Hikikomori – le Refuge (critiques théâtrales des 6e2)

Vendredi 20 janvier, les 6e2 et 6e3 se sont rendus au théâtre de l’Union à Limoges et ont assisté au spectacle de Joris Mathieu intitulé « Hikikomori – le Refuge ».

Le sujet de la pièce est le mal-être et le repli sur soi (« Hikikomori » en japonais) de certains enfants et adolescents qui cherchent à fuir l’école, le collège ou la société en se réfugiant dans leurs chambres, cloîtrés.

Ce spectacle a la particularité de pouvoir être perçu à travers trois points de vue différents: celui du fils (Nils), celui du père et celui de la mère. En fonction de son âge, le spectateur (muni d’un casque) découvre la version de l’un des trois protagonistes.

Chaque élève a rédigé une appréciation personnelle de la pièce. Voici quelques extraits des critiques des 6e2:

« J’ai été surpris de voir un garçon qui a acheté un déguisement d’orignal, une sorte de cerf. Sinon j’ai aimé la représentation de la scène. J’ai compris l’histoire, rien ne m’a échappé. J’ai aimé la notion de l’écran. Je n’ai pas aimé le fait qu’on ne voie pas le fils car on ne le voit que sur l’écran alors qu’il joue un rôle important dans l’histoire ». Antoine B.

larscenenationale.fr

« J’ai ressenti de la tristesse pour l’enfant car il vit dans sa chambre et ses parents s’en fichent ». Lucas P.
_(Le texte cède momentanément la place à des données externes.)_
Lemma card_ends V M :
  M \subset E_of V -> matching M -> #|ends M| = #|M| * 2.
Proof.
move=> /subsetP MV /matchingP Mm.
have nshare p q : p \in M -> q \in M -> p != q -> ~~ share_endpoint p q.
  by move=> pM qM /(Mm p q pM qM) /andP [].
have fst_inj : {in M &, injective fst}.
  move=> p q pM qM e; apply/eqP; apply: contraT => /(nshare p q pM qM).
  by rewrite /share_endpoint e eqxx.
have snd_inj : {in M &, injective snd}.
  move=> p q pM qM e; apply/eqP; apply: contraT => /(nshare p q pM qM).
  by rewrite /share_endpoint e eqxx !orbT.
have lt_ends p : p \in M -> p.1 < p.2 by move=> /MV /E_ofP [].
rewrite /ends cardsU (card_in_imset fst_inj) (card_in_imset snd_inj).
suff -> : [set p.1 | p in M] :&: [set p.2 | p in M] = set0.
  by rewrite cards0 subn0 muln2 addnn.
apply/setP => x; rewrite !inE; apply/negP => /andP [/imsetP [p pM ->] /imsetP [q qM e]].
have [pq | npq] := eqVneq p q.
  by move: (lt_ends q qM); rewrite -e pq ltnn.
by move: (nshare p q pM qM npq); rewrite /share_endpoint e eqxx !orbT.
Qed.

Lemma SPM_ends V M : SPM V M -> ends M = V.
Proof.
rewrite SPME => /and3P [MV /eqP cardM Mm]; apply/eqP.
by rewrite eqEcard ends_sub //= (card_ends MV Mm) cardM.
Qed.

Lemma SPM_of_ends V M :
  M \subset E_of V -> V \subset ends M -> matching M -> SPM V M.
Proof.
move=> MV Vends Mm; have endsV : ends M = V by apply/eqP; rewrite eqEsubset ends_sub.
by rewrite SPME MV Mm -endsV (card_ends MV Mm) eqxx.
Qed.

End PerfectMatchings.

Section Disjointness.
Variable N : nat.
Implicit Types (p q : edge N).

Lemma disjoint_edgesC p q : disjoint_edges p q = disjoint_edges q p.
Proof.
rewrite /disjoint_edges /share_endpoint /cross -!(inj_eq (@ord_inj _)).
by apply/idP/idP => /andP [h1 h2]; apply/andP; split; lia.
Qed.

Lemma disjoint_edges_apart (a b : nat) p q :
  a <= p.1 <= b -> a <= p.2 <= b ->
  ~~ (a <= q.1 <= b) -> ~~ (a <= q.2 <= b) -> disjoint_edges p q.
Proof.
rewrite /disjoint_edges /share_endpoint /cross -!(inj_eq (@ord_inj _)) => *.
by apply/andP; split; lia.
Qed.

End Disjointness.

Section ParallelClasses.
Variable N : nat.
Implicit Types (p q : edge N) (c : 'I_N).

Lemma ord_gt0 (x : 'I_N) : 0 < N.
Proof. exact: leq_ltn_trans (leq0n x) (ltn_ord x). Qed.

Definition edge_class p : 'I_N := Ordinal (ltn_pmod (p.1 + p.2) (ord_gt0 p.1)).

Definition parallel_class c : {set edge N} :=
  [set p : edge N | (p.1 < p.2) && (edge_class p == c)].

Lemma modnDl_inj x y z : y < N -> z < N -> (x + y) %% N = (x + z) %% N -> y = z.
Proof. by move=> yN zN /eqP; rewrite eqn_modDl !modn_small // => /eqP. Qed.

Lemma eq_modn_close u v : u %% N = v %% N -> u < v + N -> v < u + N -> u = v.
Proof.
wlog uv : u v / u <= v.
  move=> hyp E uvN vuN; case: (leqP u v) => [|/ltnW] le; first exact: hyp.
  by symmetry; apply: hyp.
move=> E _ vuN; suff : v - u = 0 by lia.
by apply: (@modnDl_inj u); [lia | lia | rewrite addn0 subnKC].
Qed.

Lemma parallel_class_matching c : matching (parallel_class c).
Proof.
apply/matchingP => [[a b] [x y]]; rewrite !inE /=.
move=> /andP [ab /eqP abc] /andP [xy /eqP xyc].
rewrite xpair_eqE -!(inj_eq (@ord_inj _)) => ne.
(* A shared endpoint or a crossing would make the two sums differ by less than N. *)
have /eq_modn_close close : (a + b) %% N = (x + y) %% N :=
  congr1 val (etrans abc (esym xyc)).
have := ltn_ord a; have := ltn_ord b; have := ltn_ord x; have := ltn_ord y => *.
rewrite /disjoint_edges /share_endpoint /cross /= -!(inj_eq (@ord_inj _)).
apply/andP; split; lia.
Qed.

Lemma parallel_partner c (x : 'I_N) : ~~ odd N -> odd c ->
  exists2 y : 'I_N, y != x & (x + y) %% N = c.
Proof.
move=> evenN oddc; have xN := ltn_ord x.
have sum_c : (x + (c + N - x) %% N) %% N = c.
  by rewrite modnDmr subnKC ?modnDr ?modn_small //; lia.
exists (Ordinal (ltn_pmod (c + N - x) (ord_gt0 x))) => //=.
apply: contraTneq oddc => /(congr1 val) /= yx.
by rewrite -sum_c yx addnn odd_mod ?(negbTE evenN) // odd_double.
Qed.

Lemma parallel_class_SPM c : ~~ odd N -> odd c -> SPM [set: 'I_N] (parallel_class c).
Proof.
move=> evenN oddc; apply: SPM_of_ends (parallel_class_matching c).
  by apply/subsetP => p; rewrite !inE => /andP [-> _].
have in_class (a b : 'I_N) : a < b -> (a + b) %% N = c -> (a, b) \in parallel_class c.
  by move=> ab abc; rewrite inE ab -(inj_eq (@ord_inj _)) /= abc.
apply/subsetP => x _; have [y yx xyc] := parallel_partner x evenN oddc.
apply/endsP; case: (ltngtP x y) => [xy | yx' | /ord_inj xy]; last by rewrite xy eqxx in yx.
- by exists (x, y); [apply: in_class | left].
- by exists (y, x); [apply: in_class; rewrite // addnC | right].
Qed.

Lemma edge_class_interval (a b : nat) p : b < N -> edge_class p = (a + b) %% N :> nat ->
  (a <= p.1 <= b) = (a <= p.2 <= b).
Proof.
move=> bN /= /eq_modn_close close; have p1N := ltn_ord p.1; have p2N := ltn_ord p.2.
have sum_ab : (a <= p.1 <= b) || (a <= p.2 <= b) -> p.1 + p.2 = a + b.
  by move=> in_ab; apply: close; lia.
by have [/sum_ab | ] := boolP ((a <= p.1 <= b) || (a <= p.2 <= b)); lia.
Qed.

End ParallelClasses.

Arguments edge_class {N} p.

Section Counting.
Variable N : nat.

Lemma card_ord_count (P : pred nat) : #|[set x : 'I_N | P x]| = count P (iota 0 N).
Proof.
rewrite cardsE cardE /enum_mem -enumT size_filter -val_enum_ord count_map.
exact: eq_count.
Qed.

Lemma count_odd_iota n : count odd (iota 0 n) = n./2.
Proof.
elim: n => // n IHn; rewrite -addn1 iotaD count_cat IHn /= addn0 addn1.
by rewrite /= uphalf_half addnC.
Qed.

Lemma count_interval_iota i j n :
  count (fun x => i <= x <= j) (iota 0 n) = minn n j.+1 - i.
Proof.
elim: n => [|n IHn]; first by rewrite min0n.
by rewrite -addn1 iotaD count_cat IHn /= addn0; lia.
Qed.

Lemma card_odd_ord : #|[set c : 'I_N | odd c]| = N./2.
Proof. by rewrite card_ord_count count_odd_iota. Qed.

End Counting.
« J’ai énormément aimé car cela était assez émouvant […] Moi, à la place de Nils, je n’aurais pas honte de mes parents parce que si lui les aime comme ils sont, il n’a pas besoin d’idiots pour dire que ses parents sont des « noobs ». Mais c’est impressionnant de faire des scènes comme ça! ». Chloé

« J’ai trouvé que la fin n’était pas claire […], je n’ai pas compris pourquoi les images passaient si vite ». Ninon.

« J’ai été intriguée et attendrie, accrochée, dépitée ». Camille.

« Je n’ai aimé que deux choses: quand le père a pris la hache pour essayer d’ouvrir la porte de Nils et quand la mère et le père sont rentrés dans la chambre ». Antoine M.

« Il n’y pas assez de paroles dans la version du fils. Par contre, il y a une version adaptée à chaque âge. Sur certains points, le spectacle n’était pas très réaliste, par exemple, la forêt dans la chambre ». Gabriel.

« Au début c’était bien mais quand cela ne parlait pas ça me fatiguait ». Emma.

« J’ai aimé le spectacle mais les attentes de communication entre les personnages étaient un peu longues. J’ai compris qu’il ne faut pas se renfermer sur nous-même et parler de nos problèmes à nos parents. […] L’écran derrière la scène qui s’ouvrait était original ». Lucas F.

vimeo.com

« C’était un ado (Nils) qui est seul tout le temps et on le surnomme « l’élan ». Lucas G.

« On avait le point de vue des trois personnages: père, fils, mère. Plutôt pas mal ». Malilo.

« J’ai beaucoup aimé la mise en scène, tout ce qu’ils ont fait m’a plu. Mais je n’ai pas aimé qu’on ait des versions différentes ». Sara.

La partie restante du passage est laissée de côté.